# Records provided:
(* Let $A$ be a setoid, $B$ a setoid family over $A$ and $(C,a_C)$ a $P_B$-algebra. Let $w,w':W$, $\gamma:w\approx_Ww'$, $k:\mathsf{ImS}\,w\Rightarrow C$ and $k':\mathsf{ImS}\,w'\Rightarrow C$. Then there is a term of type \[ \mathsf{RecDef}\,w\,k\to\mathsf{RecDef}\,w'\,k'\to k\approx k'\circ\mathsf{ImS}_\gamma . \]
   Context: Setting: intensional Martin-Löf type theory with $\Pi$-types, record types and a universe $\mathsf U$ closed under $\Pi$ and containing intensional $\Sigma$-types, identity types, unit type, W-types and dependent W-types; propositions-as-types. For a W-type with constructor $\mathsf{sup}$, $\mathsf n,\mathsf b$ are node and branch functions. $\mathsf{DW}_{I,X,Y,d}:I\to\mathsf U$ denotes the dependent W-type: the inductive family with constructor $\mathsf{dsup}\,i\,x\,f:\mathsf{DW}\,i$ for $x:X\,i$ and $f:\prod_{y:Y\,i\,x}\mathsf{DW}(d\,i\,x\,y)$, and the usual dependent eliminator. A setoid $X$: type $X_0:\mathsf U$ with relation $\approx_X$ and proofs of reflexivity, symmetry, transitivity; $x:X$ means $x:X_0$. Extensional function $f:X\Rightarrow Y$: $f_0:X_0\to Y_0$ with a proof that it preserves $\approx$; $X\Rightarrow Y$ is a setoid with pointwise equality; $\circ$ is composition. A setoid family $B$ over setoid $A$: setoids $B\,a$ and transports $B_\alpha:B\,a\Rightarrow B\,a'$ for $\alpha:a\approx_Aa'$, functorial up to $\approx$, with $B_\alpha\approx B_{\alpha'}$ for all $\alpha,\alpha'$. Write $b\approx_\alpha b'$ for $B_\alpha b\approx b'$. $P_BX$: setoid with underlying type $\sum_{a:A}(B\,a\Rightarrow X)$ and $(a,k)\approx(a',k'):=\sum_{\alpha:a\approx a'}k\approx k'\circ B_\alpha$. A $P_B$-algebra is a setoid $C$ with extensional $a_C:P_BC\Rightarrow C$. $W$: with $A_0,B_0$ underlying types and $\mathsf W:=\mathsf W(A_0,B_0)$, $\approx^Bw\,w':=\mathsf{DW}_{I,X,Y,d}(w,w')$ with $I:=\mathsf W\times\mathsf W$, $X(w,w'):=\mathsf nw\approx_A\mathsf nw'$, $Y(w,w')\alpha:=\sum_{b,b'}b\approx_\alpha b'$, $d(w,w')\alpha(b,b',\beta):=(\mathsf bwb,\mathsf bw'b')$. $W$: underlying type $\sum_{w:\mathsf W}\approx^Bw\,w$, $(w,\_)\approx_W(w',\_):=\approx^Bw\,w'$. $\mathsf n$, $\mathsf b$ induce extensional $\mathsf n:W\Rightarrow A$ and $\mathsf b\,w:B(\mathsf nw)\Rightarrow W$; for $\gamma:w\approx_Ww'$, $\mathsf n^\ast\gamma:\mathsf nw\approx_A\mathsf nw'$ denotes extensionality of $\mathsf n$ applied to $\gamma$. $\mathsf{ImS}\,w$ (for $w:W$): setoid with underlying type $B_0(\mathsf nw)$ and $b\approx b':=\mathsf bwb\approx_W\mathsf bwb'$; transport $\mathsf{ImS}_\gamma s:=B_{\mathsf n^\ast\gamma}s$ for $\gamma:w\approx_Ww'$. $e_w:B(\mathsf nw)\Rightarrow\mathsf{ImS}\,w$ has identity underlying function. A family $F:\prod_{s:\mathsf{ImS}w}\mathsf{ImS}(\mathsf bws)\Rightarrow C$ is coherent if $F\,s\approx(F\,s')\circ\mathsf{ImS}_\sigma$ for all $\sigma:s\approx s'$ in $\mathsf{ImS}\,w$; $\mathsf{CohMaps}\,w$ is the setoid of coherent families with pointwise equality. For $F:\mathsf{CohMaps}\,w$, $\mathsf{recst}\,w\,F:\mathsf{ImS}\,w\Rightarrow C$ is the extensional function $s\mapsto a_C(\mathsf n(\mathsf bws),(F\,s)\circ e_{\mathsf bws})$. For $k:\mathsf{ImS}\,w\Rightarrow C$, $\mathsf{RecDef}\,w\,k:=\mathsf{DW}_{I',X',Y',d'}(w,k)$ with $I':=\sum_{w:W}(\mathsf{ImS}w\Rightarrow C)$, $X'(w,k):=\sum_{F:\mathsf{CohMaps}w}k\approx\mathsf{recst}\,w\,F$, $Y'(w,k)(F,\_):=$ underlying type of $\mathsf{ImS}\,w$, $d'(w,k)(F,\_)s:=(\mathsf bws,F\,s)$. *)

Set Implicit Arguments.
Unset Strict Implicit.

Record setoid := Setoid {
  car :> Type;
  eqv : car -> car -> Type;
  srefl : forall x, eqv x x;
  ssym : forall x y, eqv x y -> eqv y x;
  strans : forall x y z, eqv x y -> eqv y z -> eqv x z }.
Arguments eqv {s} _ _.
Arguments srefl {s} x.
Arguments ssym {s x y} _.
Arguments strans {s x y z} _ _.

Record extfun (X Y : setoid) := ExtFun {
  ap :> X -> Y;
  ap_ext : forall x x' : X, eqv x x' -> eqv (ap x) (ap x') }.
Arguments ap_ext {X Y} e {x x'} _.

Definition funS (X Y : setoid) : setoid.
Proof.
  refine (@Setoid (extfun X Y) (fun f g => forall x, eqv (f x) (g x)) _ _ _).
  - intros f x; apply srefl.
  - intros f g H x; apply ssym, H.
  - intros f g h H1 H2 x; exact (strans (H1 x) (H2 x)).
Defined.

Definition comp (X Y Z : setoid) (g : extfun Y Z) (f : extfun X Y) : extfun X Z :=
  @ExtFun X Z (fun x => g (f x)) (fun x x' e => ap_ext g (ap_ext f e)).

Record setfam (A : setoid) := SetFam {
  fam :> A -> setoid;
  tr : forall a a' : A, eqv a a' -> extfun (fam a) (fam a');
  tr_refl : forall (a : A) (x : fam a), eqv (tr (srefl a) x) x;
  tr_trans : forall (a a' a'' : A) (al : eqv a a') (al' : eqv a' a'') (x : fam a),
      eqv (tr al' (tr al x)) (tr (strans al al') x);
  tr_irr : forall (a a' : A) (al al' : eqv a a') (x : fam a),
      eqv (tr al x) (tr al' x) }.
Arguments tr {A} s {a a'} _.

Lemma tr_inv (A : setoid) (B : setfam A) (a a' : A) (al : eqv a a')
  (b : B a') (b' : B a) : eqv (tr B (ssym al) b) b' -> eqv (tr B al b') b.
Proof.
  intros e.
  eapply strans; [exact (ap_ext (tr B al) (ssym e))|].
  eapply strans; [apply tr_trans|].
  eapply strans; [apply (tr_irr (s:=B) _ (srefl a'))|].
  apply tr_refl.
Qed.

Definition PB_rel (A : setoid) (B : setfam A) (X : setoid)
  (p q : {a : A & extfun (B a) X}) : Type :=
  {al : eqv (projT1 p) (projT1 q) &
     eqv (s := funS (B (projT1 p)) X) (projT2 p) (comp (projT2 q) (tr B al))}.

Definition PB (A : setoid) (B : setfam A) (X : setoid) : setoid.
Proof.
  refine (@Setoid {a : A & extfun (B a) X} (@PB_rel A B X) _ _ _).
  - intros [a k]. exists (srefl a). intros b; simpl.
    apply (ap_ext k). exact (ssym (tr_refl (s:=B) b)).
  - intros [a k] [a' k'] [al H]; simpl in *.
    exists (ssym al). intros b; simpl.
    eapply strans; [|exact (ssym (H (tr B (ssym al) b)))].
    apply (ap_ext k'). apply ssym. apply tr_inv. apply srefl.
  - intros [a k] [a' k'] [a'' k''] [al H] [al' H']; simpl in *.
    exists (strans al al'). intros b; simpl.
    eapply strans; [exact (H b)|].
    eapply strans; [exact (H' (tr B al b))|].
    apply (ap_ext k''). apply tr_trans.
Defined.

Inductive Wt (A0 : Type) (B0 : A0 -> Type) : Type :=
  sup : forall a : A0, (B0 a -> Wt B0) -> Wt B0.
Arguments sup {A0 B0} a f.

Definition node (A0 : Type) (B0 : A0 -> Type) (w : Wt B0) : A0 :=
  match w with sup a _ => a end.
Definition branch (A0 : Type) (B0 : A0 -> Type) (w : Wt B0) : B0 (node w) -> Wt B0 :=
  match w return B0 (node w) -> Wt B0 with sup a f => f end.
Arguments node {A0 B0} w.
Arguments branch {A0 B0} w _.

Inductive DW (I : Type) (X : I -> Type) (Y : forall i, X i -> Type)
  (d : forall i (x : X i), Y i x -> I) : I -> Type :=
  dsup : forall (i : I) (x : X i), (forall y : Y i x, @DW I X Y d (d i x y)) -> @DW I X Y d i.
Arguments DW {I} X Y d _.
Arguments dsup {I X Y d} i x f.

Definition WB (A : setoid) (B : setfam A) : Type := @Wt (car A) (fun a => car (B a)).

Definition XB (A : setoid) (B : setfam A) (i : WB B * WB B) : Type :=
  eqv (node (fst i)) (node (snd i)).
Definition YB (A : setoid) (B : setfam A) (i : WB B * WB B) (al : XB i) : Type :=
  {b : B (node (fst i)) & {b' : B (node (snd i)) & eqv (tr B al b) b'}}.
Definition dB (A : setoid) (B : setfam A) (i : WB B * WB B) (al : XB i) (y : YB al)
  : WB B * WB B :=
  (branch (fst i) (projT1 y), branch (snd i) (projT1 (projT2 y))).

Definition DWB (A : setoid) (B : setfam A) := DW (@XB A B) (@YB A B) (@dB A B).
Arguments DWB {A} B _.

Definition eqB (A : setoid) (B : setfam A) (w w' : WB B) : Type := DWB B (w, w').

Definition nstarI (A : setoid) (B : setfam A) (i : WB B * WB B) (p : DWB B i) : XB i :=
  match p in DW _ _ _ j return XB j with dsup _ x _ => x end.

Definition eqB_branch (A : setoid) (B : setfam A) (i : WB B * WB B) (p : DWB B i) :
  forall (s : B (node (fst i))) (s' : B (node (snd i))),
    eqv (tr B (nstarI p) s) s' -> DWB B (branch (fst i) s, branch (snd i) s') :=
  match p as p0 in DW _ _ _ j return
    forall (s : B (node (fst j))) (s' : B (node (snd j))),
      eqv (tr B (nstarI p0) s) s' -> DWB B (branch (fst j) s, branch (snd j) s')
  with dsup j x f => fun s s' e => f (existT _ s (existT _ s' e)) end.
Arguments eqB_branch {A B i} p s s' _.

Fixpoint eqB_symI (A : setoid) (B : setfam A) (i : WB B * WB B) (p : DWB B i) {struct p}
  : DWB B (snd i, fst i).
Proof.
  destruct p as [i x f].
  refine (@dsup _ _ _ _ (snd i, fst i) (ssym x) _).
  intros [b [b' e]]. simpl in b, b', e.
  exact (eqB_symI A B _ (f (existT _ b' (existT _ b (tr_inv e))))).
Qed.

Fixpoint eqB_transI (A : setoid) (B : setfam A) (i : WB B * WB B) (p : DWB B i) {struct p}
  : forall w'', DWB B (snd i, w'') -> DWB B (fst i, w'').
Proof.
  destruct p as [i x f].
  intros w'' q.
  remember (snd i, w'') as j eqn:Ej.
  destruct q as [j x' g].
  subst j. simpl in x', g.
  refine (@dsup _ _ _ _ (fst i, w'') (strans x x') _).
  intros [b [b'' e]]. simpl in b, b'', e.
  exact (eqB_transI A B _ (f (existT _ b (existT _ (tr B x b) (srefl _)))) _
           (g (existT _ (tr B x b) (existT _ b'' (strans (tr_trans (s:=B) x x' b) e))))).
Qed.

Definition Wset (A : setoid) (B : setfam A) : setoid.
Proof.
  refine (@Setoid {w : WB B & eqB w w} (fun p q => eqB (projT1 p) (projT1 q)) _ _ _).
  - intros [w p]; exact p.
  - intros [w p] [w' p'] q; exact (eqB_symI q).
  - intros [w p] [w' p'] [w'' p''] q q'; exact (eqB_transI q q').
Defined.

Definition nstar (A : setoid) (B : setfam A) (w w' : Wset B) (g : eqv w w')
  : eqv (node (projT1 w)) (node (projT1 w')) := nstarI g.
Arguments nstar {A B w w'} g.

Lemma bW_ext (A : setoid) (B : setfam A) (w : Wset B) (s s' : B (node (projT1 w))) :
  eqv s s' -> eqB (branch (projT1 w) s) (branch (projT1 w) s').
Proof.
  intros e. apply (eqB_branch (projT2 w)).
  eapply strans; [apply (tr_irr (s:=B) _ (srefl _))|].
  exact (strans (tr_refl (s:=B) s) e).
Qed.

Definition bW (A : setoid) (B : setfam A) (w : Wset B) (s : B (node (projT1 w))) : Wset B :=
  existT (fun v : WB B => eqB v v) (branch (projT1 w) s) (bW_ext (srefl s)).
Arguments bW {A B} w s.

Definition ImS (A : setoid) (B : setfam A) (w : Wset B) : setoid :=
  @Setoid (B (node (projT1 w))) (fun s s' => eqv (bW w s) (bW w s'))
    (fun s => srefl _) (fun s s' e => ssym e) (fun s s' s'' e e' => strans e e').
Arguments ImS {A B} w.

Lemma ImS_tr_ext (A : setoid) (B : setfam A) (w w' : Wset B) (g : eqv w w')
  (s s' : ImS w) : eqv s s' -> eqv (s := ImS w') (tr B (nstar g) s) (tr B (nstar g) s').
Proof.
  intros e.
  pose proof (eqB_branch g s (tr B (nstar g) s) (srefl _)) as h1.
  pose proof (eqB_branch g s' (tr B (nstar g) s') (srefl _)) as h2.
  exact (eqB_transI (eqB_transI (eqB_symI h1) e) h2).
Qed.

Definition ImS_tr (A : setoid) (B : setfam A) (w w' : Wset B) (g : eqv w w')
  : extfun (ImS w) (ImS w') := @ExtFun (ImS w) (ImS w') (fun s => tr B (nstar g) s) (@ImS_tr_ext A B w w' g).
Arguments ImS_tr {A B w w'} g.

Definition e_ImS (A : setoid) (B : setfam A) (w : Wset B)
  : extfun (B (node (projT1 w))) (ImS w) :=
  @ExtFun (B (node (projT1 w))) (ImS w) (fun s => s) (fun s s' e => bW_ext e).
Arguments e_ImS {A B} w.

Definition coherent (A : setoid) (B : setfam A) (C : setoid) (w : Wset B)
  (F : forall s : ImS w, extfun (ImS (bW w s)) C) : Type :=
  forall (s s' : ImS w) (sg : eqv s s'),
    eqv (s := funS (ImS (bW w s)) C) (F s) (comp (F s') (ImS_tr sg)).
Arguments coherent {A B C w} F.

Definition CohMaps (A : setoid) (B : setfam A) (C : setoid) (w : Wset B) : setoid.
Proof.
  refine (@Setoid {F : forall s : ImS w, extfun (ImS (bW w s)) C & coherent F}
            (fun F G => forall s, eqv (s := funS (ImS (bW w s)) C) (projT1 F s) (projT1 G s))
            _ _ _).
  - intros F s; apply srefl.
  - intros F G H s; apply ssym, H.
  - intros F G K H1 H2 s; exact (strans (H1 s) (H2 s)).
Defined.

Definition recst_fun (A : setoid) (B : setfam A) (C : setoid) (aC : extfun (PB B C) C)
  (w : Wset B) (F : CohMaps C w) (s : ImS w) : C :=
  aC (existT (fun a => extfun (B a) C) (node (projT1 (bW w s)))
        (comp (projT1 F s) (e_ImS (bW w s)))).
Arguments recst_fun {A B C} aC {w} F s.

Lemma recst_ext (A : setoid) (B : setfam A) (C : setoid) (aC : extfun (PB B C) C)
  (w : Wset B) (F : CohMaps C w) (s s' : ImS w) :
  eqv s s' -> eqv (recst_fun aC F s) (recst_fun aC F s').
Proof.
  intros sg. apply (ap_ext aC).
  exists (nstar sg). intros t. exact (projT2 F s s' sg t).
Qed.

Definition recst (A : setoid) (B : setfam A) (C : setoid) (aC : extfun (PB B C) C)
  (w : Wset B) (F : CohMaps C w) : extfun (ImS w) C :=
  @ExtFun (ImS w) C (recst_fun aC F) (@recst_ext A B C aC w F).
Arguments recst {A B C} aC {w} F.

Definition Irec (A : setoid) (B : setfam A) (C : setoid) : Type :=
  {w : Wset B & extfun (ImS w) C}.
Definition Xrec (A : setoid) (B : setfam A) (C : setoid) (aC : extfun (PB B C) C)
  (i : Irec B C) : Type :=
  {F : CohMaps C (projT1 i) & eqv (s := funS (ImS (projT1 i)) C) (projT2 i) (recst aC F)}.
Definition Yrec (A : setoid) (B : setfam A) (C : setoid) (aC : extfun (PB B C) C)
  (i : Irec B C) (x : Xrec aC i) : Type := car (ImS (projT1 i)).
Definition drec (A : setoid) (B : setfam A) (C : setoid) (aC : extfun (PB B C) C)
  (i : Irec B C) (x : Xrec aC i) (s : Yrec x) : Irec B C :=
  existT (fun w => extfun (ImS w) C) (bW (projT1 i) s) (projT1 (projT1 x) s).

Definition RecDef (A : setoid) (B : setfam A) (C : setoid) (aC : extfun (PB B C) C)
  (w : Wset B) (k : extfun (ImS w) C) : Type :=
  DW (@Xrec A B C aC) (@Yrec A B C aC) (@drec A B C aC)
     (existT (fun w => extfun (ImS w) C) w k).
Arguments RecDef {A B C} aC w k.

(* If k ≈ recst F and k' ≈ recst F', then at
   s and s' := ImS_γ s both sides unfold to a_C applied to the subtrees b w s and
   b w' s'; these are bisimilar by γ itself, so a_C's extensionality reduces the
   claim to F s ≈ F' s' ∘ ImS_(γ_s), which is the induction hypothesis at the
   subderivations for s and s'. *)

Section DWDestructors.

Context {I : Type} {X : I -> Type} {Y : forall i, X i -> Type}
  {d : forall i (x : X i), Y i x -> I}.

Definition dnode {i : I} (p : DW X Y d i) : X i :=
  match p in DW _ _ _ j return X j with dsup _ x _ => x end.

Definition dbranch {i : I} (p : DW X Y d i) :
  forall y : Y i (dnode p), DW X Y d (d i (dnode p) y) :=
  match p as p0 in DW _ _ _ j return forall y : Y j (dnode p0), DW X Y d (d j (dnode p0) y)
  with dsup _ _ f => f end.

End DWDestructors.

Section RecDefUnique.

Variables (A : setoid) (B : setfam A) (C : setoid) (aC : extfun (PB B C) C).

Definition bW_ImS_tr {w w' : Wset B} (g : eqv w w') (s : ImS w) :
  eqv (bW w s) (bW w' (ImS_tr g s)) :=
  eqB_branch g s _ (srefl _).

Lemma recst_eqv {w w' : Wset B} (F : CohMaps C w) (F' : CohMaps C w')
  {s : ImS w} {s' : ImS w'} (gs : eqv (bW w s) (bW w' s')) :
  eqv (s := funS _ C) (projT1 F s) (comp (projT1 F' s') (ImS_tr gs)) ->
  eqv (recst aC F s) (recst aC F' s').
Proof.
  intros HF; apply (ap_ext aC).
  exists (nstar gs); exact HF.
Qed.

Lemma RecDef_eqv_ImS_tr (i : Irec B C)
  (r : DW (@Xrec A B C aC) (@Yrec A B C aC) (@drec A B C aC) i) :
  forall (w' : Wset B) (g : eqv (projT1 i) w') (k' : extfun (ImS w') C),
  RecDef aC w' k' -> eqv (s := funS _ C) (projT2 i) (comp k' (ImS_tr g)).
Proof.
  induction r as [i [F HkF] _ IH].
  intros w' g k' r' s; simpl.
  destruct (dnode r') as [F' Hk'F'] eqn:Hr'.
  pose (s' := ImS_tr g s).
  pose proof (dbranch r' s') as Hsub; rewrite Hr' in Hsub.
  eapply strans; [exact (HkF s)|].
  eapply strans; [|exact (ssym (Hk'F' s'))].
  apply (recst_eqv F F' (bW_ImS_tr g s)).
  exact (IH s _ (bW_ImS_tr g s) _ Hsub).
Qed.

End RecDefUnique.

Arguments RecDef_eqv_ImS_tr {A B C aC i} r {w'} g {k'} _ _.

Theorem proposition3p12 (A : setoid) (B : setfam A) (C : setoid)
  (aC : extfun (PB B C) C)
  (w w' : Wset B) (g : eqv w w')
  (k : extfun (ImS w) C) (k' : extfun (ImS w') C) :
  RecDef aC w k -> RecDef aC w' k' ->
  eqv (s := funS (ImS w) C) k (comp k' (ImS_tr g)).
Proof.
  intros r.
  exact (RecDef_eqv_ImS_tr r g).
Qed.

# Your objective:
Copy all lines from the listing that contain "Fixpoint".

# Output for this exercise:
Fixpoint eqB_symI (A : setoid) (B : setfam A) (i : WB B * WB B) (p : DWB B i) {struct p}
Fixpoint eqB_transI (A : setoid) (B : setfam A) (i : WB B * WB B) (p : DWB B i) {struct p}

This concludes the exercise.